§ **Aim of the task**:
Below is a set of records. Repeat all of them exactly.
--- START ---
Lemma omega_limit_invariant_rel_clopen A : rel_clopen Y A ->
  (forall a, A a -> A (f a)) -> A !=set0 -> Y `<=` A.
Proof.
move=> [AY cA cYA] fA [a Aa] b Yb; apply: contrapT => nAb.
have AYA : A `&` (Y `\` A) = set0 by apply/seteqP; split => z // [? []].
have [UA [UB [oUA oUB AUA YAUB UAB]]] :=
  (@normal_openP R X).1 pseudometric_normal _ _ cA cYA AYA.
have UAUB z : UA z -> UB z -> False.
  by move=> UAz UBz; suff : (UA `&` UB) z by rewrite UAB.
pose U := UA `&` f @^-1` UA.
have oU : open U by apply: openI => //; exact: open_comp.
have AU : A `<=` U by move=> z Az; split; apply: AUA => //; exact: fA.
have [N UUB] : exists N, forall m, (N <= m)%N -> (U `|` UB) (orbit m).
  apply: omega_limit_attracts; first exact: openU.
  by move=> z Yz; have [/AU|] := pselect (A z); [left|right; exact: YAUB].
have [m0 Nm0 Um0] := (omega_limitP a).1 (AY _ Aa) U
  (open_nbhs_nbhs (conj oU (AU _ Aa))) N.
(* f maps U into UA, which misses UB: the orbit can never leave U again. *)
have stays k : U (orbit (k + m0)).
  elim: k => [//|k [_ fUA]].
  have [//|UBk] := UUB (k.+1 + m0)%N (leq_trans Nm0 (leq_addl _ _)).
  by have := UAUB _ fUA UBk.
have [m1 m01 UBm1] := (omega_limitP b).1 Yb UB
  (open_nbhs_nbhs (conj oUB (YAUB _ (conj Yb nAb)))) m0.
by have [UAm1 _] := stays (m1 - m0)%N; rewrite subnK // in UAm1; exact: UAUB UAm1 UBm1.
Qed.

Local Notation comp := (connected_component Y).

Lemma connected_component_iter n {z w} : comp z w -> comp (iter n f z) (iter n f w).
Proof.
by apply: connected_component_image; [exact: continuous_iter|exact: omega_limit_iter].
Qed.

Lemma connected_component_iter_mul {k y} : comp y (iter k f y) ->
  forall q, comp y (iter (q * k) f y).
Proof.
move=> yk; elim=> [|q IH].
  apply: connected_component_refl.
  exact: connected_component_sub (connected_component_sym yk).
rewrite mulSn iterD; apply: connected_component_trans IH _.
by rewrite -iterC; exact: connected_component_iter.
Qed.
Lemma convex_item_cost (D : set R^o) c m d q : 0 <= c -> 0 <= m + d ->
  convex_function D (item_cost c m d q).
Proof.
move=> c0 md0 t x y _ _; rewrite convRE /= /conv /= /GRing.scale /= /unstable.onem.
have s0 : 0 <= t%:num by apply: ge0.
have s1 : t%:num <= 1 by apply: le1.
move: (t%:num) s0 s1 => s s0 s1.
have hinge z : z - q <= Num.max (z - q) 0 /\ 0 <= Num.max (z - q) 0.
  by split; rewrite le_max lexx ?orbT.
have [hx0 hx1] := hinge x; have [hy0 hy1] := hinge y.
have hmax : Num.max (s * x + (1 - s) * y - q) 0 <=
    s * Num.max (x - q) 0 + (1 - s) * Num.max (y - q) 0.
  by rewrite ge_max; apply/andP; split; nra.
by have := ler_wpM2l (mulr_ge0 c0 md0) hmax; rewrite /item_cost; lra.
Qed.

Lemma measurable_affine_abs alpha beta gamma t :
  measurable_fun setT (affine_abs alpha beta gamma t).
Proof.
apply: measurable_funD; first apply: measurable_funD.
- exact: measurable_cst.
- by apply: measurable_funM => //; apply: measurable_funB.
- apply: measurable_funM => //; apply: measurableT_comp => //.
  exact: measurable_funB.
Qed.

Lemma measurable_item_cost c m d q : measurable_fun setT (item_cost c m d q).
Proof.
have -> : item_cost c m d q =
    affine_abs 0 (c * (m + d) / 2 - c * d) (c * (m + d) / 2) q.
  by apply/funext => y; exact: item_costE.
exact: measurable_affine_abs.
Qed.

End item_cost.

Section integral_EFin.
Context {dT : measure_display} {T : measurableType dT} {R : realType}.
Context {P : probability T R}.
Local Open Scope ereal_scope.
Implicit Types (f g : T -> R) (k : R).

Lemma integrable_EFinD [f g] : P.-integrable setT (EFin \o f) ->
  P.-integrable setT (EFin \o g) ->
  P.-integrable setT (fun x => (f x + g x)%:E).
Proof.
move=> intf intg.
apply: (eq_integrable measurableT (fun x => (f x)%:E + (g x)%:E)) => //.
exact: integrableD.
Qed.

Lemma integrable_EFinZ k [f] : P.-integrable setT (EFin \o f) ->
  P.-integrable setT (fun x => (k * f x)%:E).
Proof.
move=> intf; apply: (eq_integrable measurableT (fun x => k%:E * (f x)%:E)) => //.
exact: integrableZl.
Qed.

Lemma integral_EFinD [f g] : P.-integrable setT (EFin \o f) ->
  P.-integrable setT (EFin \o g) ->
  \int[P]_x (f x + g x)%:E = \int[P]_x (f x)%:E + \int[P]_x (g x)%:E.
Proof.
by move=> intf intg; under eq_integral do rewrite EFinD; exact: integralD.
Qed.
--- END ---
§ **Written solution**:
Lemma omega_limit_invariant_rel_clopen A : rel_clopen Y A ->
  (forall a, A a -> A (f a)) -> A !=set0 -> Y `<=` A.
Proof.
move=> [AY cA cYA] fA [a Aa] b Yb; apply: contrapT => nAb.
have AYA : A `&` (Y `\` A) = set0 by apply/seteqP; split => z // [? []].
have [UA [UB [oUA oUB AUA YAUB UAB]]] :=
  (@normal_openP R X).1 pseudometric_normal _ _ cA cYA AYA.
have UAUB z : UA z -> UB z -> False.
  by move=> UAz UBz; suff : (UA `&` UB) z by rewrite UAB.
pose U := UA `&` f @^-1` UA.
have oU : open U by apply: openI => //; exact: open_comp.
have AU : A `<=` U by move=> z Az; split; apply: AUA => //; exact: fA.
have [N UUB] : exists N, forall m, (N <= m)%N -> (U `|` UB) (orbit m).
  apply: omega_limit_attracts; first exact: openU.
  by move=> z Yz; have [/AU|] := pselect (A z); [left|right; exact: YAUB].
have [m0 Nm0 Um0] := (omega_limitP a).1 (AY _ Aa) U
  (open_nbhs_nbhs (conj oU (AU _ Aa))) N.
(* f maps U into UA, which misses UB: the orbit can never leave U again. *)
have stays k : U (orbit (k + m0)).
  elim: k => [//|k [_ fUA]].
  have [//|UBk] := UUB (k.+1 + m0)%N (leq_trans Nm0 (leq_addl _ _)).
  by have := UAUB _ fUA UBk.
have [m1 m01 UBm1] := (omega_limitP b).1 Yb UB
  (open_nbhs_nbhs (conj oUB (YAUB _ (conj Yb nAb)))) m0.
by have [UAm1 _] := stays (m1 - m0)%N; rewrite subnK // in UAm1; exact: UAUB UAm1 UBm1.
Qed.

Local Notation comp := (connected_component Y).

Lemma connected_component_iter n {z w} : comp z w -> comp (iter n f z) (iter n f w).
Proof.
by apply: connected_component_image; [exact: continuous_iter|exact: omega_limit_iter].
Qed.

Lemma connected_component_iter_mul {k y} : comp y (iter k f y) ->
  forall q, comp y (iter (q * k) f y).
Proof.
move=> yk; elim=> [|q IH].
  apply: connected_component_refl.
  exact: connected_component_sub (connected_component_sym yk).
rewrite mulSn iterD; apply: connected_component_trans IH _.
by rewrite -iterC; exact: connected_component_iter.
Qed.
Lemma convex_item_cost (D : set R^o) c m d q : 0 <= c -> 0 <= m + d ->
  convex_function D (item_cost c m d q).
Proof.
move=> c0 md0 t x y _ _; rewrite convRE /= /conv /= /GRing.scale /= /unstable.onem.
have s0 : 0 <= t%:num by apply: ge0.
have s1 : t%:num <= 1 by apply: le1.
move: (t%:num) s0 s1 => s s0 s1.
have hinge z : z - q <= Num.max (z - q) 0 /\ 0 <= Num.max (z - q) 0.
  by split; rewrite le_max lexx ?orbT.
have [hx0 hx1] := hinge x; have [hy0 hy1] := hinge y.
have hmax : Num.max (s * x + (1 - s) * y - q) 0 <=
    s * Num.max (x - q) 0 + (1 - s) * Num.max (y - q) 0.
  by rewrite ge_max; apply/andP; split; nra.
by have := ler_wpM2l (mulr_ge0 c0 md0) hmax; rewrite /item_cost; lra.
Qed.

Lemma measurable_affine_abs alpha beta gamma t :
  measurable_fun setT (affine_abs alpha beta gamma t).
Proof.
apply: measurable_funD; first apply: measurable_funD.
- exact: measurable_cst.
- by apply: measurable_funM => //; apply: measurable_funB.
- apply: measurable_funM => //; apply: measurableT_comp => //.
  exact: measurable_funB.
Qed.

Lemma measurable_item_cost c m d q : measurable_fun setT (item_cost c m d q).
Proof.
have -> : item_cost c m d q =
    affine_abs 0 (c * (m + d) / 2 - c * d) (c * (m + d) / 2) q.
  by apply/funext => y; exact: item_costE.
exact: measurable_affine_abs.
Qed.

End item_cost.

Section integral_EFin.
Context {dT : measure_display} {T : measurableType dT} {R : realType}.
Context {P : probability T R}.
Local Open Scope ereal_scope.
Implicit Types (f g : T -> R) (k : R).

Lemma integrable_EFinD [f g] : P.-integrable setT (EFin \o f) ->
  P.-integrable setT (EFin \o g) ->
  P.-integrable setT (fun x => (f x + g x)%:E).
Proof.
move=> intf intg.
apply: (eq_integrable measurableT (fun x => (f x)%:E + (g x)%:E)) => //.
exact: integrableD.
Qed.

Lemma integrable_EFinZ k [f] : P.-integrable setT (EFin \o f) ->
  P.-integrable setT (fun x => (k * f x)%:E).
Proof.
move=> intf; apply: (eq_integrable measurableT (fun x => k%:E * (f x)%:E)) => //.
exact: integrableZl.
Qed.

Lemma integral_EFinD [f g] : P.-integrable setT (EFin \o f) ->
  P.-integrable setT (EFin \o g) ->
  \int[P]_x (f x + g x)%:E = \int[P]_x (f x)%:E + \int[P]_x (g x)%:E.
Proof.
by move=> intf intg; under eq_integral do rewrite EFinD; exact: integralD.
Qed.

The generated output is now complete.